It’s Not The War On Christmas, It’s The War Of Christmas

It’s Not The War On Christmas, It’s The War Of Christmas December 3, 2014

556px-Egger-Lienz_-_Madonna_mit_Kind_-_1921

The first verse of the Gospel of Mark: “The beginning of the gospel of Jesus Christ, the Son of God.”

This phrase sounds extremely innocuous to us today, but awareness is growing of the profound radicality of those lines at the time when they were written.

The word “gospel”–evangelion–typically referred to news from the Roman Emperor–typically some great military victory, or the enthroning of a new Emperor.

And the phrase “Son of God”–huios tou theou or divi filius–was also an imperial title since the time of Augustus, adopted son of Julius Cesar, who had been divinized.

What is more, the most likely origin of the Gospel of Mark is that it was written in Rome from Peter’s oral preaching–either with Peter participating, or by Mark after Peter’s death in Nero’s persecution of the Christian community. So at the heart of the Roman Empire, this small community, perhaps right after its leader and many other members have been murdered by the most powerful state in history, produces a book whose first line is: “The beginning of the gospel of Jesus Christ, the Son of God.”

*

Cur Deus homo? Why did God become man? It is impossible to give an exhaustive answer to this. But the Hebrew Scriptures are clear at least on one thing: when the God of Israel returns to His Temple, he will strike a massive victory against the forces of evil:

The Lord put on justice as a breastplate, and a helmet of salvation upon his head:
he put on the garments of vengeance, and was clad with zeal as with a cloak.
As unto revenge, as it were to repay wrath to his adversaries, and a reward to his enemies:
he will repay the like to the islands.
And they from the west, shall fear the name of the Lord: and they from the rising of the sun, his glory:
when he shall come as a violent stream, which the spirit of the Lord driveth on:
And there shall come a redeemer to Sion, and to them that return from iniquity in Jacob, saith the Lord.
This is my covenant with them, saith the Lord.

Isaiah 59:17-21a

One of the clearest motifs in the life of the Church was precisely this: that, at least in part, Jesus had come to wage a battle with the forces of evil, forces of evil which hold creation in bondage, and to whom emperors and idol cults are like henchmen, and that in his Cross and Resurrection he had defeated them.

And despoiling the principalities and powers, he hath exposed them confidently in open shew, triumphing over them in himself.

Colossians 2:15

A triumph.
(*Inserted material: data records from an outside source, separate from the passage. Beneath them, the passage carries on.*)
Lemma comm_act_fixed_up (t : R) :
  up_bump f0 a c -> a < b 0%nat ->
  (exists p, 0 <= p /\ p < c /\ agree_on f0 f1 p c) ->
  (forall p, 0 <= p -> p < c -> agree_on f0 f1 p c ->
     (forall q, 0 <= q -> q < c -> agree_on f0 f1 q c -> p <= q) ->
     f0 (b (pred n)) >= p) ->
  f0 (b 0%nat) > b (pred n) ->
  a <= t <= c ->
  comm_act (fun s => g1 (f0 s)) (fun s => g0 (f1 s))
           (fun s => f0 (f0 (f1 (g0 (g0 s))))) (fun s => f0 (f0 (g1 (g0 (g0 s))))) t = t.
Proof.
  intros [_ Hup] Hab0 [p0 [Hp0 [Hp0c Hagr0]]] Hleast Hb0bN Ht.
  destruct orbital_bounds as [Ha [Hac [Hc [Hfa Hfc]]]].
  set (N := pred n) in *.
  destruct (Hbd 0%nat ltac:(lia)) as [[_ [Hb0d0 _]] [_ Hd0c]].
  destruct (Hbd N ltac:(lia)) as [[_ [HbNdN _]] [HabN HdNc]].
  destruct (agree_on_least f0 f1 p0 c Hf0 Hf1 ltac:(lra) Hc Hagr0)
    as [p [Hp [Hagr Hmin]]].
  assert (HpbN := Hleast p ltac:(lra) ltac:(lra) Hagr Hmin).
  assert (Hfix : forall s, a <= s < b 0%nat -> f1 s = s).
  { intros s Hs. apply (PL0_fixed_off_listed_orbitals f1 a c n b d); auto; try lra.
    intros i Hi. left. destruct (listed_sorted 0%nat i ltac:(lia)). lra. }
  set (P := Rmax a p).
  assert (HaP : a <= P) by apply Rmax_l. assert (HpP : p <= P) by apply Rmax_r.
  assert (HPc : P < c) by (apply Rmax_lub_lt; lra).
  assert (Hb0 : b 0%nat < f0 (b 0%nat)) by (apply Hup; lra).
  assert (Hfb0c : f0 (b 0%nat) < c) by (rewrite <- Hfc; apply PL0_lt; auto; lra).
  assert (HfbN : f0 (b N) < f0 (f0 (b 0%nat))) by (apply PL0_lt; auto; lra).
  assert (Hfb0 : f0 (b 0%nat) < f0 (f0 (b 0%nat))) by (apply Hup; lra).
  assert (HP : P < f0 (f0 (b 0%nat))) by (apply Rmax_lub_lt; lra).
  assert (HgP := g0_g0_lt P (b 0%nat) ltac:(lra) ltac:(lra) HP).
  destruct (inc_g0g0 a P) as [_ [HgaP _]]; try lra.
  rewrite (g0_g0_fixed a) in HgaP by (auto; lra).
  apply (comm_act_fixed_of_cover a P P c);
    try lra; try (apply Hagr; lra).
  - rewrite Hfa, Hfix by lra. reflexivity.
  - intros s Hs. rewrite (g0_g0_fixed a) in Hs by (auto; lra). apply Hfix. lra.
  - intros x Hx. apply Hagr. lra.
  - apply Hfix. lra.
  - rewrite (g0_g0_fixed c) by (auto; lra). rewrite <- (Hagr c) by lra. exact Hfc.
Qed.

Lemma comm_act_fixed_down (t : R) :
  down_bump f0 a c -> d (pred n) < c ->
  (exists rho, a < rho /\ rho <= 1 /\ agree_on f0 f1 a rho) ->
  (forall rho, a < rho -> rho <= 1 -> agree_on f0 f1 a rho ->
     (forall q, a < q -> q <= 1 -> agree_on f0 f1 a q -> q <= rho) ->
     f0 (d 0%nat) <= rho) ->
  f0 (d (pred n)) < d 0%nat ->
  a <= t <= c ->
  comm_act (fun s => g1 (f0 s)) (fun s => g0 (f1 s))
           (fun s => f0 (f0 (f1 (g0 (g0 s))))) (fun s => f0 (f0 (g1 (g0 (g0 s))))) t = t.
Proof.
  intros [_ Hdown] HdNc [r0 [Hr0 [Hr01 Hagr0]]] Hgreatest Hd0dN Ht.
  destruct orbital_bounds as [Ha [Hac [Hc [Hfa Hfc]]]].
  set (N := pred n) in *.
  destruct (Hbd 0%nat ltac:(lia)) as [[_ [Hb0d0 _]] [_ Hd0c]].
  destruct (Hbd N ltac:(lia)) as [[_ [HbNdN _]] [HabN _]].
  destruct (agree_on_greatest f0 f1 a r0 Hf0 Hf1 Ha ltac:(lra) Hagr0)
    as [r [Hr [Hagr Hmax]]].
  assert (Hd0r := Hgreatest r ltac:(lra) ltac:(lra) Hagr Hmax).
  assert (Hfix : forall s, d N < s <= c -> f1 s = s).
  { intros s Hs. apply (PL0_fixed_off_listed_orbitals f1 a c n b d); auto; try lra.
    intros i Hi. right. destruct (listed_sorted i N ltac:(lia)). lra. }
  set (Q := Rmin c r).
  assert (HRc : Q <= c) by apply Rmin_l. assert (HRr : Q <= r) by apply Rmin_r.
  assert (HaR : a < Q) by (apply Rmin_glb_lt; lra).
  assert (HfdN : f0 (d N) < d N) by (apply Hdown; lra).
  assert (HafdN : a < f0 (d N)) by (rewrite <- Hfa; apply PL0_lt; auto; lra).
  assert (Hffd : f0 (f0 (d N)) < f0 (d N)) by (apply Hdown; lra).
  assert (Hffd0 : f0 (f0 (d N)) < f0 (d 0%nat)) by (apply PL0_lt; auto; lra).
  assert (HR : f0 (f0 (d N)) < Q) by (apply Rmin_glb_lt; lra).
  assert (HgR := lt_g0_g0 Q (d N) ltac:(lra) ltac:(lra) HR).
  destruct (inc_g0g0 Q c) as [_ [HgRc _]]; try lra.
  rewrite (g0_g0_fixed c) in HgRc by (auto; lra).
  assert (Hf1c : f1 c = c) by (apply Hfix; lra).
  apply (comm_act_fixed_of_cover Q c a Q);
    try lra; try (apply Hagr; lra).
  - intros s Hs. rewrite (g0_g0_fixed c) in Hs by (auto; lra). apply Hfix. lra.
  - intros x Hx. apply Hagr. lra.
  - rewrite (g0_g0_fixed a) by (auto; lra). rewrite <- (Hagr a) by lra. exact Hfa.
  - apply Hfix. lra.
Qed.

End ListedOrbitals.

End Commutator.

Theorem lemma2p7 (f0 f1 g0 g1 : R -> R) (a c : R) (n : nat) (b d : nat -> R) :
  PL0 f0 -> PL0 f1 ->
  inverse_on_I f0 g0 -> inverse_on_I f1 g1 ->
  orbital f0 a c -> ~ orbital f1 a c ->
  (forall u v, orbital f1 u v ->
     (a <= u /\ v <= c) \/ (v <= a \/ c <= u)) ->
  (1 <= n)%nat ->
  (forall i, (i < n)%nat -> orbital f1 (b i) (d i) /\ a <= b i /\ d i <= c) ->
  (forall i, (S i < n)%nat -> d i <= b (S i)) ->
  (forall u v, orbital f1 u v -> a <= u -> v <= c ->
     exists i, (i < n)%nat /\ u = b i /\ v = d i) ->
  ( (up_bump f0 a c /\
     a < b 0%nat /\
     (exists p, 0 <= p /\ p < c /\ agree_on f0 f1 p c) /\
     d (pred n) = c /\
     (forall p, 0 <= p -> p < c -> agree_on f0 f1 p c ->
        (forall q, 0 <= q -> q < c -> agree_on f0 f1 q c -> p <= q) ->
        f0 (b (pred n)) >= p) /\
     f0 (b 0%nat) > b (pred n))
  \/
    (down_bump f0 a c /\
     d (pred n) < c /\
     (exists rho, a < rho /\ rho <= 1 /\ agree_on f0 f1 a rho) /\
     b 0%nat = a /\
     (forall rho, a < rho -> rho <= 1 -> agree_on f0 f1 a rho ->
        (forall q, a < q -> q <= 1 -> agree_on f0 f1 a q -> q <= rho) ->
        f0 (d 0%nat) <= rho) /\
     f0 (d (pred n)) < d 0%nat) ) ->
  forall t, a <= t <= c ->
    comm_act (fun s => g1 (f0 s))            (* x = f0 f1^-1 *)
             (fun s => g0 (f1 s))            (* x^-1 = f1 f0^-1 *)
             (fun s => f0 (f0 (f1 (g0 (g0 s)))))   (* y = f0^-2 f1 f0^2 *)
             (fun s => f0 (f0 (g1 (g0 (g0 s)))))   (* y^-1 = f0^-2 f1^-1 f0^2 *)
             t = t.
Proof.
  intros Hf0 Hf1 Hg0 Hg1 Horb _ Hdich Hn Hbd Hdb Hall
    [[Hup [Hab0 [Hp [_ [Hleast Hb0bN]]]]] | [Hdown [HdNc [Hrho [_ [Hgreatest Hd0dN]]]]]] t Ht.
  - eapply comm_act_fixed_up; eassumption.
  - eapply comm_act_fixed_down; eassumption.
Qed.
A Roman procession to celebrate a military victory.

*

What happened, exactly, in Bethlehem?

We know how the Gospel writer Luke describes it: as the birth of the King of the Universe, to whom the Roman Emperor is like a pygmy. As I wrote in another post:

Luke’s entire infancy narrative is basically a giant middle finger to Rome. “He has brought down the powerful from their thrones, and lifted up the lowly,” Mary says in her Magnificat. Who do you think Luke had in mind? The birth of Jesus takes place in the shadow of the Emperor’s census, but Jesus’ birth is consistently described in royal terms. Do you remember that scene in Crocodile Dundee, someone tries to rob the protagonist at knife-point, and he pulls out his machete, and says “You think that’s a knife? That’s a knife.” The birth of the Davidic King is greeted by the “heavenly host” of angels. That’s Luke saying to the Emperor, who controlled the mightiest military in the history of the world, “You think that’s an army? That’s an army.”

Luke was a friend to Paul, and probably watched him die in Rome before he wrote the Gospel.

*

Is there a war on Christmas? No, there’s no war on Christmas. There’s a war of Christmas. Because that’s what Christmas is: a declaration of war. Against all the thrones, dominions, principalities and powers who hold creation in bondage. Saying there’s a war on Christmas is like saying the Germans fought a war on D-Day–of course there’s a war on Christmas.

*

How do we fight this war?

Not by yelling at Walmart greeters who say “Happy Holidays.” Not with consumerism. Like Jesus fought his. With increased penance and asceticism and prayer and reception of the sacraments. With corporeal works of mercy. With peace, mercy, some truth-telling, and a very large heaping of loving-kindness.

This is our D-Day: this is the most stupendous claim of Christianity. Our King does not have a crown of gold, he has a crown of thorns. He is born in a manger–he will win the Universe by becoming food. This little child, this carpenter’s son, born in a little nothing-burger of a town on the edge of the Empire, he is the ruler of everything. He is YHWH, the God of Israel, showing who he truly is:meek and humble of heart. A child. A servant.

This is something that the demons will never accept–cannot ever accept. They will always fight this evangelion.

*

Joy to the world! Our Lord is come! Let us receive our King!